* _Exercise details_: Start at the line below containing "(* Number of" and stop at the line containing "- x ^ 2 * sum_n_m". Repeat every line of that stretch exactly, and nothing outside it.

* _Dataset records_:
(* For a non-negative integer $n$ and real $x>0$ small, define $$A_n(x)=2\ln(n!\,x)+\ln|\Gamma(-n-x)|+\ln|\Gamma(-n+x)|-x^2\sum_{k=1}^n\frac1{k^2}.$$ Then for every non-negative integer $n$, $$\lim_{x\to0^+}\frac{1}{x^2}\ln\!\left(\frac{A_n(x)}{A_{n+1}(x)}\right)=-\frac{1}{2(n+1)^4\zeta(2)}.$$
   Context: $\Gamma$ is Euler's Gamma function on the real line and $\zeta$ is the Riemann zeta function. *)

From Stdlib Require Import Reals.
From Coquelicot Require Import Coquelicot.
Open Scope R_scope.

Definition Gamma_pos (x : R) : R :=
  RInt_gen (fun t => Rpower t (x - 1) * exp (- t)) (at_right 0) (Rbar_locally p_infty).

(* Number of unit shifts N so that x + N > 0. *)
Definition Gamma_shift (x : R) : nat := Z.to_nat (up (- x)).

(* Euler's Gamma function on the real line: the integral for x > 0, extended to
   x <= 0 (non-integer) by the functional equation
   Gamma x = Gamma (x + N) / (x (x+1) ... (x+N-1)). Values at poles are junk. *)
Definition Gamma (x : R) : R :=
  if Rlt_dec 0 x then Gamma_pos x
  else let N := Gamma_shift x in
       Gamma_pos (x + INR N) / prod_f_R0 (fun k => x + INR k) (N - 1).

Definition zeta2 : R := Series (fun k => / (INR k + 1) ^ 2).

Definition A (n : nat) (x : R) : R :=
  2 * ln (INR (Factorial.fact n) * x) + ln (Rabs (Gamma (- INR n - x)))
  + ln (Rabs (Gamma (- INR n + x)))
  - x ^ 2 * sum_n_m (fun k => / INR k ^ 2) 1 n.

From Stdlib Require Import Reals Lra Lia Psatz Classical ZArith.
From Coquelicot Require Import Coquelicot.
Open Scope R_scope.
(* Let $\mathscr P_1,\mathscr P_2$ be non-empty collections of $L^0$-seminorms on a stable $L^0$-module $E$. If $\mathscr T_0(\mathscr P_1)=\mathscr T_0(\mathscr P_2)$, then $\mathscr T_{\epsilon,\lambda}(\mathscr P_1)=\mathscr T_{\epsilon,\lambda}(\mathscr P_2)$.
   Context: $(\Omega,\mathcal F,\mathbb P)$ is a probability space, $L^0$ the real-valued measurable functions modulo a.e. equality (ordered a.e.), $L^0_+=\{r\ge0\}$, $L^0_{++}=\{r\in L^0:r>0\text{ a.e.}\}$. An $L^0$-module $E$ is stable if for every countable measurable partition $(A_k)$ of $\Omega$ and $(x_k)\subset E$ there is a unique $x\in E$ with $1_{A_k}x=1_{A_k}x_k$ for all $k$. An $L^0$-seminorm is a map $p:E\to L^0_+$ with $p(rx)=|r|p(x)$ and $p(x+y)\le p(x)+p(y)$. For a collection $\mathscr P$ of $L^0$-seminorms: $\mathscr T_0(\mathscr P)$ (locally $L^0$-convex topology) is generated by the base of sets $U_{x,N,r}=\{y\in E:\sup_{p\in N}p(x-y)<r\}$ with $x\in E$, $N\subset\mathscr P$ finite, $r\in L^0_{++}$; $\mathscr T_{\epsilon,\lambda}(\mathscr P)$ (the $(\epsilon,\lambda)$-topology) is generated by the base of sets $U_{x,N,\epsilon,\lambda}=\{y\in E:\mathbb P(\sup_{p\in N}p(x-y)<\epsilon)>1-\lambda\}$ with $x\in E$, $N\subset\mathscr P$ finite, real $\epsilon>0$, $0<\lambda<1$. *)

From Stdlib Require Import Reals List ClassicalEpsilon.
Open Scope R_scope.

Record ProbSpace := {
  Omega : Type;
  Fsig : (Omega -> Prop) -> Prop;
  Fsig_full : Fsig (fun _ => True);
  Fsig_compl : forall A, Fsig A -> Fsig (fun w => ~ A w);
  Fsig_cunion : forall A : nat -> Omega -> Prop,
      (forall n, Fsig (A n)) -> Fsig (fun w => exists n, A n w);
  Prob : (Omega -> Prop) -> R;
  Prob_nonneg : forall A, Fsig A -> 0 <= Prob A;
  Prob_full : Prob (fun _ => True) = 1;
  Prob_sigma : forall A : nat -> Omega -> Prop,
      (forall n, Fsig (A n)) ->
      (forall m n w, m <> n -> A m w -> A n w -> False) ->
      infinite_sum (fun n => Prob (A n)) (Prob (fun w => exists n, A n w))
}.

Section L0.
Variable ps : ProbSpace.
Local Notation Om := (Omega ps).

(** real-valued measurable functions = representatives of elements of L^0 *)
Definition meas (f : Om -> R) : Prop := forall a : R, Fsig ps (fun w => f w < a).

Definition ae (Q : Om -> Prop) : Prop :=
  exists N, Fsig ps N /\ Prob ps N = 0 /\ forall w, ~ N w -> Q w.

Definition L0pp (r : Om -> R) : Prop := meas r /\ ae (fun w => 0 < r w).

Definition ind (A : Om -> Prop) : Om -> R :=
  fun w => if excluded_middle_informative (A w) then 1 else 0.

End L0.

(** The carrier is the (already quotiented) module E with
    Leibniz equality; scalars are measurable representatives, and a.e.-equal
    scalars act identically, so this is exactly a module over L^0. *)
Record L0Module (ps : ProbSpace) := {
  Ecar :> Type;
  ezero : Ecar;
  eadd : Ecar -> Ecar -> Ecar;
  eopp : Ecar -> Ecar;
  esmul : (Omega ps -> R) -> Ecar -> Ecar;
  eaddA : forall x y z, eadd x (eadd y z) = eadd (eadd x y) z;
  eaddC : forall x y, eadd x y = eadd y x;
  eadd0 : forall x, eadd x ezero = x;
  eaddN : forall x, eadd x (eopp x) = ezero;
  esmul_ae : forall r s x, meas ps r -> meas ps s ->
      ae ps (fun w => r w = s w) -> esmul r x = esmul s x;
  esmulDr : forall r x y, meas ps r -> esmul r (eadd x y) = eadd (esmul r x) (esmul r y);
  esmulDl : forall r s x, meas ps r -> meas ps s ->
      esmul (fun w => r w + s w) x = eadd (esmul r x) (esmul s x);
  esmulA : forall r s x, meas ps r -> meas ps s ->
      esmul (fun w => r w * s w) x = esmul r (esmul s x);
  esmul1 : forall x, esmul (fun _ => 1) x = x
}.

Arguments ezero {ps} _.
Arguments eadd {ps l}.
Arguments eopp {ps l}.
Arguments esmul {ps l}.

Section Topologies.
Variable ps : ProbSpace.
Variable M : L0Module ps.
Local Notation Om := (Omega ps).

Definition esub (x y : M) : M := eadd x (eopp y).

Definition stable : Prop :=
  forall (A : nat -> Om -> Prop) (xs : nat -> M),
    (forall k, Fsig ps (A k)) ->
    (forall m n w, m <> n -> A m w -> A n w -> False) ->
    (forall w, exists k, A k w) ->
    exists! x : M, forall k, esmul (ind ps (A k)) x = esmul (ind ps (A k)) (xs k).

Definition L0seminorm (p : M -> Om -> R) : Prop :=
  (forall x, meas ps (p x)) /\
  (forall x, ae ps (fun w => 0 <= p x w)) /\
  (forall r x, meas ps r -> ae ps (fun w => p (esmul r x) w = Rabs (r w) * p x w)) /\
  (forall x y, ae ps (fun w => p (eadd x y) w <= p x w + p y w)).

Definition seminorm_family (PP : (M -> Om -> R) -> Prop) : Prop :=
  forall p, PP p -> L0seminorm p.

(** finite subsets N of PP are given by lists; sup_{p in N} p(z), pointwise *)
Definition supN (N : list (M -> Om -> R)) (z : M) : Om -> R :=
  fun w => fold_right (fun p acc => Rmax (p z w) acc) 0 N.

Definition finsub (PP : (M -> Om -> R) -> Prop) (N : list (M -> Om -> R)) : Prop :=
  forall p, In p N -> PP p.

Definition U0 (x : M) (N : list (M -> Om -> R)) (r : Om -> R) : M -> Prop :=
  fun y => ae ps (fun w => supN N (esub x y) w < r w).

Definition Uel (x : M) (N : list (M -> Om -> R)) (eps lam : R) : M -> Prop :=
  fun y => Prob ps (fun w => supN N (esub x y) w < eps) > 1 - lam.

Definition T0_base (PP : (M -> Om -> R) -> Prop) (B : M -> Prop) : Prop :=
  exists x N r, finsub PP N /\ L0pp ps r /\ forall y, B y <-> U0 x N r y.

Definition Tel_base (PP : (M -> Om -> R) -> Prop) (B : M -> Prop) : Prop :=
  exists x N eps lam, finsub PP N /\ 0 < eps /\ 0 < lam < 1 /\
    forall y, B y <-> Uel x N eps lam y.

Definition gen_open (base : (M -> Prop) -> Prop) (O : M -> Prop) : Prop :=
  forall y, O y -> exists B, base B /\ B y /\ forall z, B z -> O z.

Definition T0_open (PP : (M -> Om -> R) -> Prop) := gen_open (T0_base PP).
Definition Tel_open (PP : (M -> Om -> R) -> Prop) := gen_open (Tel_base PP).

End Topologies.

Arguments stable {ps} M.
Arguments seminorm_family {ps} M PP.
Arguments T0_open {ps} M PP O.
Arguments Tel_open {ps} M PP O.

(* Let [U] be the basic (eps, lam)-neighbourhood of [y] given by [x] and [N1 ⊆ P1], and
   [g = sup_(N1) p(x - y)].  The L^0-ball of [y] for [N1] whose radius is the slack
   [eps - g] on [{g < eps}] is T_0(P1)-open, hence contains a T_0(P2)-ball [U0 c N2 r2]
   around [y]; by continuity of the probability from below, [{h + eps' < r2}] has
   probability close to 1 for some real [eps' > 0], where [h = sup_(N2) p(c - y)].  For [z] in the
   (eps', lam')-ball of [y] for [N2], localising [y - z] to the good event [A] by the
   indicator [1_A] keeps [y - 1_A (y - z)] in the T_0(P2)-ball, hence in the slack ball,
   and on [{g < eps} ∩ A] the triangle inequality gives [sup_(N1) p(x - z) < eps];
   counting probabilities puts [z] in [U]. *)

From Pilot Require Import Defs.
From Stdlib Require Import Reals List ClassicalEpsilon Classical Lra Lia
  FunctionalExtensionality PropExtensionality ZArith.
Open Scope R_scope.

* _Task answer_:
(* Number of unit shifts N so that x + N > 0. *)
Definition Gamma_shift (x : R) : nat := Z.to_nat (up (- x)).

(* Euler's Gamma function on the real line: the integral for x > 0, extended to
   x <= 0 (non-integer) by the functional equation
   Gamma x = Gamma (x + N) / (x (x+1) ... (x+N-1)). Values at poles are junk. *)
Definition Gamma (x : R) : R :=
  if Rlt_dec 0 x then Gamma_pos x
  else let N := Gamma_shift x in
       Gamma_pos (x + INR N) / prod_f_R0 (fun k => x + INR k) (N - 1).

Definition zeta2 : R := Series (fun k => / (INR k + 1) ^ 2).

Definition A (n : nat) (x : R) : R :=
  2 * ln (INR (Factorial.fact n) * x) + ln (Rabs (Gamma (- INR n - x)))
  + ln (Rabs (Gamma (- INR n + x)))
  - x ^ 2 * sum_n_m (fun k => / INR k ^ 2) 1 n.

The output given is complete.